[[ Data records, beginning ]]
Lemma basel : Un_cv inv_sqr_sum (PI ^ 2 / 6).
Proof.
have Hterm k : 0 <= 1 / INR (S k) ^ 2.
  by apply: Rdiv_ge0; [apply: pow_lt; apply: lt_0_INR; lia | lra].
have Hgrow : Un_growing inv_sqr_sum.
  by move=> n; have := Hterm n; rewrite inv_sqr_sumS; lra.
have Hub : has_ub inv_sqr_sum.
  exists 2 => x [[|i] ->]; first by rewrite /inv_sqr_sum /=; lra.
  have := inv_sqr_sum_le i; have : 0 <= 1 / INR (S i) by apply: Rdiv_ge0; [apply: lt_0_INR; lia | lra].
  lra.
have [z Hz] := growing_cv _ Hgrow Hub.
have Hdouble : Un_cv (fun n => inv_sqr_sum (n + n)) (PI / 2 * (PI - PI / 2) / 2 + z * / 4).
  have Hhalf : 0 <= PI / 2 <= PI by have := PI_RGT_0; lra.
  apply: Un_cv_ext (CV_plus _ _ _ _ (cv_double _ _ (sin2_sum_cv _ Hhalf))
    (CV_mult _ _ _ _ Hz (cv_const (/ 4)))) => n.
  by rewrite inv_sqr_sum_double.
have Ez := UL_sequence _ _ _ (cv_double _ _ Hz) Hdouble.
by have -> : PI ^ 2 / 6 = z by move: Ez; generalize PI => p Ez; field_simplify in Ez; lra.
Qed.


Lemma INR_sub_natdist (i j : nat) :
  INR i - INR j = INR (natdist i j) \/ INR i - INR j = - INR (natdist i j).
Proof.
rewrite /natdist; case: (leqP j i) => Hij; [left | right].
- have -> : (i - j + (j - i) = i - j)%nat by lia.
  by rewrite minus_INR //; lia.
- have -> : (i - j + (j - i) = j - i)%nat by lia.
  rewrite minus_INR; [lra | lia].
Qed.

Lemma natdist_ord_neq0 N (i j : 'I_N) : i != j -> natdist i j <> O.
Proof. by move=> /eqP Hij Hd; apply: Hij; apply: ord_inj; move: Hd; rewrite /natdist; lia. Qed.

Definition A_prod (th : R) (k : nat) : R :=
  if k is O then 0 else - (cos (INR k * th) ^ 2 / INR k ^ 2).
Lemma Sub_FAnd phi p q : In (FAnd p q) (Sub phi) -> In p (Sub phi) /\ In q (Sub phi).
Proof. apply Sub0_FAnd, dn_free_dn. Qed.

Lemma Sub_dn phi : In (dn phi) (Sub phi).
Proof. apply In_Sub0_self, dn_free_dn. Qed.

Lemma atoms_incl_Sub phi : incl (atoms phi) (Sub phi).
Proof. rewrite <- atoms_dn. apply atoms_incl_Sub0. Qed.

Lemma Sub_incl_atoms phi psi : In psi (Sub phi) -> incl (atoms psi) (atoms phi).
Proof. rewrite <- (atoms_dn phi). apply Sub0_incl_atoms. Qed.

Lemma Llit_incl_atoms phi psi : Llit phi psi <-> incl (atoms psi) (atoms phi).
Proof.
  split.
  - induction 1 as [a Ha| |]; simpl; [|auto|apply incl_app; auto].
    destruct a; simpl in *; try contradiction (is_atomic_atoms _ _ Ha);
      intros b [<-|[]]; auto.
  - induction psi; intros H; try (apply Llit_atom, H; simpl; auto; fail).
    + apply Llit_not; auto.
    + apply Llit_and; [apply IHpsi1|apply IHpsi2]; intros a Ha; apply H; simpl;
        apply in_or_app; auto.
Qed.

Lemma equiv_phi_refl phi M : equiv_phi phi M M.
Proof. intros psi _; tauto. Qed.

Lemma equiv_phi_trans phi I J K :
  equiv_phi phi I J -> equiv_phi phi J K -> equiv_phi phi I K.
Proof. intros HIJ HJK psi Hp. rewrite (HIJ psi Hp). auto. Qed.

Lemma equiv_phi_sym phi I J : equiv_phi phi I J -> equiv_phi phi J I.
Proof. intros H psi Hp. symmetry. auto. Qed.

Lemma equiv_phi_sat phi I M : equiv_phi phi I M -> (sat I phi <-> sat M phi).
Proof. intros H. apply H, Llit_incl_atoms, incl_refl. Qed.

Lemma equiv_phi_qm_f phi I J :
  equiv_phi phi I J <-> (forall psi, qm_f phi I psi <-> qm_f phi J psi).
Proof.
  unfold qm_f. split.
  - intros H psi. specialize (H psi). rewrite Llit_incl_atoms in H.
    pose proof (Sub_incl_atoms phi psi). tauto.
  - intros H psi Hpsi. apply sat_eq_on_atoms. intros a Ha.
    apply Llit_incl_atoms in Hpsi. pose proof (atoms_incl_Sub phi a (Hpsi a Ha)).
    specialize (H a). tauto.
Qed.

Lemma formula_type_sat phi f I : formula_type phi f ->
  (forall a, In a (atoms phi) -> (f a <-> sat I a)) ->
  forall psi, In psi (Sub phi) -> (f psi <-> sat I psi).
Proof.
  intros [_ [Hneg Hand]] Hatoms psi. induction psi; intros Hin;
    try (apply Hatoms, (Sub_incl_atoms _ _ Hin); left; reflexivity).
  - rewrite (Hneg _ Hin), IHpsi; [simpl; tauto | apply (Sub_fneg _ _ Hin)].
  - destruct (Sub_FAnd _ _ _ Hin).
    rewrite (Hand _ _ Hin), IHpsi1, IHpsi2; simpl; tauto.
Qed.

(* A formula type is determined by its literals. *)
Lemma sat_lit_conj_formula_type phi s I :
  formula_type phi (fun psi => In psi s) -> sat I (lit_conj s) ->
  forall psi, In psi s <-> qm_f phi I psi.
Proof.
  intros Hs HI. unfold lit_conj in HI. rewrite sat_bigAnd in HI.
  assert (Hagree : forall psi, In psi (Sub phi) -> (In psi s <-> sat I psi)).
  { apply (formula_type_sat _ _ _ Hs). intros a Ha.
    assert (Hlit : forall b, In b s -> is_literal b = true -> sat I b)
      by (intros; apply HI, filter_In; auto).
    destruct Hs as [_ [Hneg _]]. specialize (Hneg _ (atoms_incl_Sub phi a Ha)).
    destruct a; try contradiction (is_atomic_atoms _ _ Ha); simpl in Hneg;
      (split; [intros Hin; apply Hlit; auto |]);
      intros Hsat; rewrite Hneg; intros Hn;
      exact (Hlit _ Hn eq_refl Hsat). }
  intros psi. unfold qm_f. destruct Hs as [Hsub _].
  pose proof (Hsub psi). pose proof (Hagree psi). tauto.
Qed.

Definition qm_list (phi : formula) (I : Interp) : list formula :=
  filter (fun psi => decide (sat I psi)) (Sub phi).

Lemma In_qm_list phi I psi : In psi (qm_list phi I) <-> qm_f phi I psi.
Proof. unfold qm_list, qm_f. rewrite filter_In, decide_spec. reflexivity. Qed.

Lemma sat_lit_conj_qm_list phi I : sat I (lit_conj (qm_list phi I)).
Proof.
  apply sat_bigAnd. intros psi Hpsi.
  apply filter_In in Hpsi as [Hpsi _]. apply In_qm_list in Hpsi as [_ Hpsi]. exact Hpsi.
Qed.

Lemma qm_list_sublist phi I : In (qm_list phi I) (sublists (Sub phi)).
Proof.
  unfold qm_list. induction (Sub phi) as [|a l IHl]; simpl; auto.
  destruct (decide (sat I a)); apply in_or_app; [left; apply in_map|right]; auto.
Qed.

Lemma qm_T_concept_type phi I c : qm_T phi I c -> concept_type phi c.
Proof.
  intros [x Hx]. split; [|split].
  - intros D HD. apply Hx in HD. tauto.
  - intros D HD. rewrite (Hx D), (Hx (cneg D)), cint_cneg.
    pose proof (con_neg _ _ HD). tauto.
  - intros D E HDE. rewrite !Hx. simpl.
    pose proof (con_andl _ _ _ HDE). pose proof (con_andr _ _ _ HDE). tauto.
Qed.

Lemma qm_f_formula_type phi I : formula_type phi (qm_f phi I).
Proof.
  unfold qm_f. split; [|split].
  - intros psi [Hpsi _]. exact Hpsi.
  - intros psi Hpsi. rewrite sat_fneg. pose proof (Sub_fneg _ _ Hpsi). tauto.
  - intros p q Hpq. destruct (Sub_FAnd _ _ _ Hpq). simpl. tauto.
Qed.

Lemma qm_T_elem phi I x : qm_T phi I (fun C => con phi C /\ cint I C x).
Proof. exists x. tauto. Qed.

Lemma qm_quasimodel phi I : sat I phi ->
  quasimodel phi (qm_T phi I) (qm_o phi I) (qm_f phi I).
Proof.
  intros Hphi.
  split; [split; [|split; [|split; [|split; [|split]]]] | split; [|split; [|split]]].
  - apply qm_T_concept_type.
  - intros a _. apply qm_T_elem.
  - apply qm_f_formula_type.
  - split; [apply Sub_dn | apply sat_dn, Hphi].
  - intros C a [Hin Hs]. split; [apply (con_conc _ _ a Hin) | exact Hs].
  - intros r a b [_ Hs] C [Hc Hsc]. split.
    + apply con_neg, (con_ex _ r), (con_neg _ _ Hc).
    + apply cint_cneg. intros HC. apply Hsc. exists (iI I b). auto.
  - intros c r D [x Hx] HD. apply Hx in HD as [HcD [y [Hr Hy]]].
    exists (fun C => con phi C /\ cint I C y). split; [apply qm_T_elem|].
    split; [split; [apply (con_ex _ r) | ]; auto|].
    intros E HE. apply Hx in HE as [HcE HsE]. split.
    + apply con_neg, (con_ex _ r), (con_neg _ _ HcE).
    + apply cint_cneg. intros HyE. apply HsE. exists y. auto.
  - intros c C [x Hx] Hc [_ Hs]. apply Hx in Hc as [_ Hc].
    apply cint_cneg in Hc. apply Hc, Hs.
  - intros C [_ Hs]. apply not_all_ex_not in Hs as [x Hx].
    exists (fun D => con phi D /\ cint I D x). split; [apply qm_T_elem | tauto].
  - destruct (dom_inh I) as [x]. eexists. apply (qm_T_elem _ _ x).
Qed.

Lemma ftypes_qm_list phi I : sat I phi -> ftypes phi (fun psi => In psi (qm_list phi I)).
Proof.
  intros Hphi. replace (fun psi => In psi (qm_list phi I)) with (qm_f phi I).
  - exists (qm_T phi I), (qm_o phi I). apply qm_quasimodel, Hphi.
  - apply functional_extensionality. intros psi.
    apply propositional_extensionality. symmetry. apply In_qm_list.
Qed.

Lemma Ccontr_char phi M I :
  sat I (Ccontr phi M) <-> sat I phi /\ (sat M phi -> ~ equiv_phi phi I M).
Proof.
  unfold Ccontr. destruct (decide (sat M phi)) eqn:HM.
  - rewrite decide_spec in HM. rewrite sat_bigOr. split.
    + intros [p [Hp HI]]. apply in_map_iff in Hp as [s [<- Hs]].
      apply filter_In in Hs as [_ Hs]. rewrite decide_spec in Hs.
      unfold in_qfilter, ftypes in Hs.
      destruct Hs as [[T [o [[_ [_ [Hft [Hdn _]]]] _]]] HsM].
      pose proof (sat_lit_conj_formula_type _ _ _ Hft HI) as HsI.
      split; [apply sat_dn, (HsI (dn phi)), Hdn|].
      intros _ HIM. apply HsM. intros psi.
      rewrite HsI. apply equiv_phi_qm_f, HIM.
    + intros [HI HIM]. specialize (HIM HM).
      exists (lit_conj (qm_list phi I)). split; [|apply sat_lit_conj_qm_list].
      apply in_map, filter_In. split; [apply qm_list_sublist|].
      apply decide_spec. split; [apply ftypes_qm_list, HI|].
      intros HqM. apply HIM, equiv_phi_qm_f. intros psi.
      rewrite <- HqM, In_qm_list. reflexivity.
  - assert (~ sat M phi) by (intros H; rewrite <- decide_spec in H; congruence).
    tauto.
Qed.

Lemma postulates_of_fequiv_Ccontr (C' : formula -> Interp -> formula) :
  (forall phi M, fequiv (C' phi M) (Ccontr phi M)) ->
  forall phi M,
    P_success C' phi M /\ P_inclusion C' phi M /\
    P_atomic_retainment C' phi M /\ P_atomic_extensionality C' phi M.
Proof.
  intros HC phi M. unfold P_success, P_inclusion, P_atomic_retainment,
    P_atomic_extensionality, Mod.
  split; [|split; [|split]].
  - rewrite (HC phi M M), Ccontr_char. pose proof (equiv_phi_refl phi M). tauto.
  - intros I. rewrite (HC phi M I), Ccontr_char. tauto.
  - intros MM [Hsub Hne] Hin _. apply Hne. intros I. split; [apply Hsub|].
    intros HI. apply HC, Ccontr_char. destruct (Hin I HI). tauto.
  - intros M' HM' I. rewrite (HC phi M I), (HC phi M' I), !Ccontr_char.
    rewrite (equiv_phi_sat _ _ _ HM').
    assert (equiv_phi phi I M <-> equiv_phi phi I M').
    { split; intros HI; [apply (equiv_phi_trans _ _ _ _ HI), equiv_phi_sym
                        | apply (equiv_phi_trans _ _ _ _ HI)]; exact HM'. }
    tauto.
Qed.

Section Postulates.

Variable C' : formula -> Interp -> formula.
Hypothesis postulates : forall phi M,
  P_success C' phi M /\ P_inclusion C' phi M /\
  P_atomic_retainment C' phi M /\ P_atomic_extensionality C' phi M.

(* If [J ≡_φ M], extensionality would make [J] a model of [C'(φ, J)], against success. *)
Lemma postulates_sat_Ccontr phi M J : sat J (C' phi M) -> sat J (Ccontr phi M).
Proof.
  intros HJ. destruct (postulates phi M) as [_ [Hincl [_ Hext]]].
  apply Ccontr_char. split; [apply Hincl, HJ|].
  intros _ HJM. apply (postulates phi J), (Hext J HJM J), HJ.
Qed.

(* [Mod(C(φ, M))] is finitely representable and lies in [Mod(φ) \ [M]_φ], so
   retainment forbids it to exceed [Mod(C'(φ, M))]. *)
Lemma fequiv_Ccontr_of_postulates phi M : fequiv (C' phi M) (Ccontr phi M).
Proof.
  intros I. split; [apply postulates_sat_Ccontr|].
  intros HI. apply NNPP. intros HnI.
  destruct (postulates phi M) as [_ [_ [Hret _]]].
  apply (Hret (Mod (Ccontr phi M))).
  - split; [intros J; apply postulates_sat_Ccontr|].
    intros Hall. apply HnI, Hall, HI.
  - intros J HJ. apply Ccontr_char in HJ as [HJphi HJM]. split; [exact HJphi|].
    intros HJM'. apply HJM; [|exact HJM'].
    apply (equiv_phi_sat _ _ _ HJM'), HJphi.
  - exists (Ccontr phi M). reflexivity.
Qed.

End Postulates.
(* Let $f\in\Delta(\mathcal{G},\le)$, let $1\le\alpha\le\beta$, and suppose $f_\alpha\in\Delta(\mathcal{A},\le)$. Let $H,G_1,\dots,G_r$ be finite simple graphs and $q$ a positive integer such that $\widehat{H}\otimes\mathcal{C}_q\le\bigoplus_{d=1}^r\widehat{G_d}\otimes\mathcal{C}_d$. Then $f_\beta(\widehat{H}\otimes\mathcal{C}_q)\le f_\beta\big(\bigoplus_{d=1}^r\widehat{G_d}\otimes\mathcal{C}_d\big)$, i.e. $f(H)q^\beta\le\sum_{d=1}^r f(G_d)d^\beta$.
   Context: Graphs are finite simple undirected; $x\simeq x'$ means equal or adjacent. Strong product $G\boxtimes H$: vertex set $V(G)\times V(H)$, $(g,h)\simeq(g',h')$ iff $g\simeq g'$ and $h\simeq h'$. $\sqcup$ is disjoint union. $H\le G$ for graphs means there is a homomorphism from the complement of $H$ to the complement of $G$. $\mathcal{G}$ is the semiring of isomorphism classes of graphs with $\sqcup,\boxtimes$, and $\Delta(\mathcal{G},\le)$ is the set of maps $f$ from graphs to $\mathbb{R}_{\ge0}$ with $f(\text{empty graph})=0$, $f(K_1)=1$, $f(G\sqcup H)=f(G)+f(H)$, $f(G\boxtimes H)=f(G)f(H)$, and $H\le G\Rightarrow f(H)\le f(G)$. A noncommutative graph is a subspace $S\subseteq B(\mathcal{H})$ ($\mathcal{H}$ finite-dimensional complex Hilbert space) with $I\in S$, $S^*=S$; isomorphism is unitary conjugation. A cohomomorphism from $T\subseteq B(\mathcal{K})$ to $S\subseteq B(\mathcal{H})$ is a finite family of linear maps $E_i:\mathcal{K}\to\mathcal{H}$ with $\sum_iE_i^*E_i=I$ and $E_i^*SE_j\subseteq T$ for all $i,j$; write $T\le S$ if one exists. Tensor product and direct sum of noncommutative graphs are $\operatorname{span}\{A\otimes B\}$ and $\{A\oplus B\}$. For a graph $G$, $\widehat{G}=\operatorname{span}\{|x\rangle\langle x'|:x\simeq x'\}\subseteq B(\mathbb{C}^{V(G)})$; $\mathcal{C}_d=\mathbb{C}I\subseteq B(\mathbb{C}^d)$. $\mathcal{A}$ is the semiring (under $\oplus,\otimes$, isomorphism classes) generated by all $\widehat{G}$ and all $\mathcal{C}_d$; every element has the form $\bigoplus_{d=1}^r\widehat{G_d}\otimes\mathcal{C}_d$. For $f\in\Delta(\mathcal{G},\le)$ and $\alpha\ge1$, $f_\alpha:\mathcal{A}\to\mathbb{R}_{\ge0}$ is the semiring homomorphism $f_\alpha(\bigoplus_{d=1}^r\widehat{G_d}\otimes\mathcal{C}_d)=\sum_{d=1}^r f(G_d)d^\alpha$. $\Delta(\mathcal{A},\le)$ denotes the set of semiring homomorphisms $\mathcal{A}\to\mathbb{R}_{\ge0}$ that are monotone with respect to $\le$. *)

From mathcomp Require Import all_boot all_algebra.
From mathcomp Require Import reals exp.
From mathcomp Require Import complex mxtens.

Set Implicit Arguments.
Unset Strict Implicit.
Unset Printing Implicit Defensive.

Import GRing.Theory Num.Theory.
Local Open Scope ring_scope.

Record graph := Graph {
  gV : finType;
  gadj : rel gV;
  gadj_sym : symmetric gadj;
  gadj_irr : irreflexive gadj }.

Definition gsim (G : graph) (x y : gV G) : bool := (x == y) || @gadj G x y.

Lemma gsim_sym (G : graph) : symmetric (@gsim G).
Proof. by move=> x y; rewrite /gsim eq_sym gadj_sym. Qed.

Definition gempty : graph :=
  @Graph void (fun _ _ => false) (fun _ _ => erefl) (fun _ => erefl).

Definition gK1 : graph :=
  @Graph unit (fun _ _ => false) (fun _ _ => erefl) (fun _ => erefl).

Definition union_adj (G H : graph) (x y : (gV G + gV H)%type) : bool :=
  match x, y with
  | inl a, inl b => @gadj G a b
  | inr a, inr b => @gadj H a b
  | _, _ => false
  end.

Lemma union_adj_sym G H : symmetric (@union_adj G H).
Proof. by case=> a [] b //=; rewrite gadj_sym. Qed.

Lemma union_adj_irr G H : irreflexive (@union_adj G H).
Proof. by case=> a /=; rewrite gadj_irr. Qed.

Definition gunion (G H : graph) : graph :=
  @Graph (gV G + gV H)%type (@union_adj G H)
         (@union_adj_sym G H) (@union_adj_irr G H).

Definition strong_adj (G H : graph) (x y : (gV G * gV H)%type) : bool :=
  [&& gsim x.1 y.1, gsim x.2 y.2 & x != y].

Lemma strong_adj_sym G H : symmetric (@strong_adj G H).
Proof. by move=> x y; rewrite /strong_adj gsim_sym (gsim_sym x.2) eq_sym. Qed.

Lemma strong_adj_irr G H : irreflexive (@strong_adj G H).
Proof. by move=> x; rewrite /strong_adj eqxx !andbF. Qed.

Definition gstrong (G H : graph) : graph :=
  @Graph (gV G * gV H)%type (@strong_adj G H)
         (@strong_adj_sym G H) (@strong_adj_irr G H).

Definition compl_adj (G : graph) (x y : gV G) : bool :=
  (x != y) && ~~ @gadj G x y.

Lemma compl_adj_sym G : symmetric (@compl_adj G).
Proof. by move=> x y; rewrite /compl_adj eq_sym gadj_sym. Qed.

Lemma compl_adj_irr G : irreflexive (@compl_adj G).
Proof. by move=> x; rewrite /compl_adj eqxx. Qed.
[[ Data records, end ]]
- _Task directions_
From the records above, copy only the lines starting with the line that holds "Lemma fequiv_Ccontr_of_postulates phi" and going on through the line that holds "apply (Hret (Mod (Ccontr phi M))).", exactly as written.

- _Solution for this exercise_
Lemma fequiv_Ccontr_of_postulates phi M : fequiv (C' phi M) (Ccontr phi M).
Proof.
  intros I. split; [apply postulates_sat_Ccontr|].
  intros HI. apply NNPP. intros HnI.
  destruct (postulates phi M) as [_ [_ [Hret _]]].
  apply (Hret (Mod (Ccontr phi M))).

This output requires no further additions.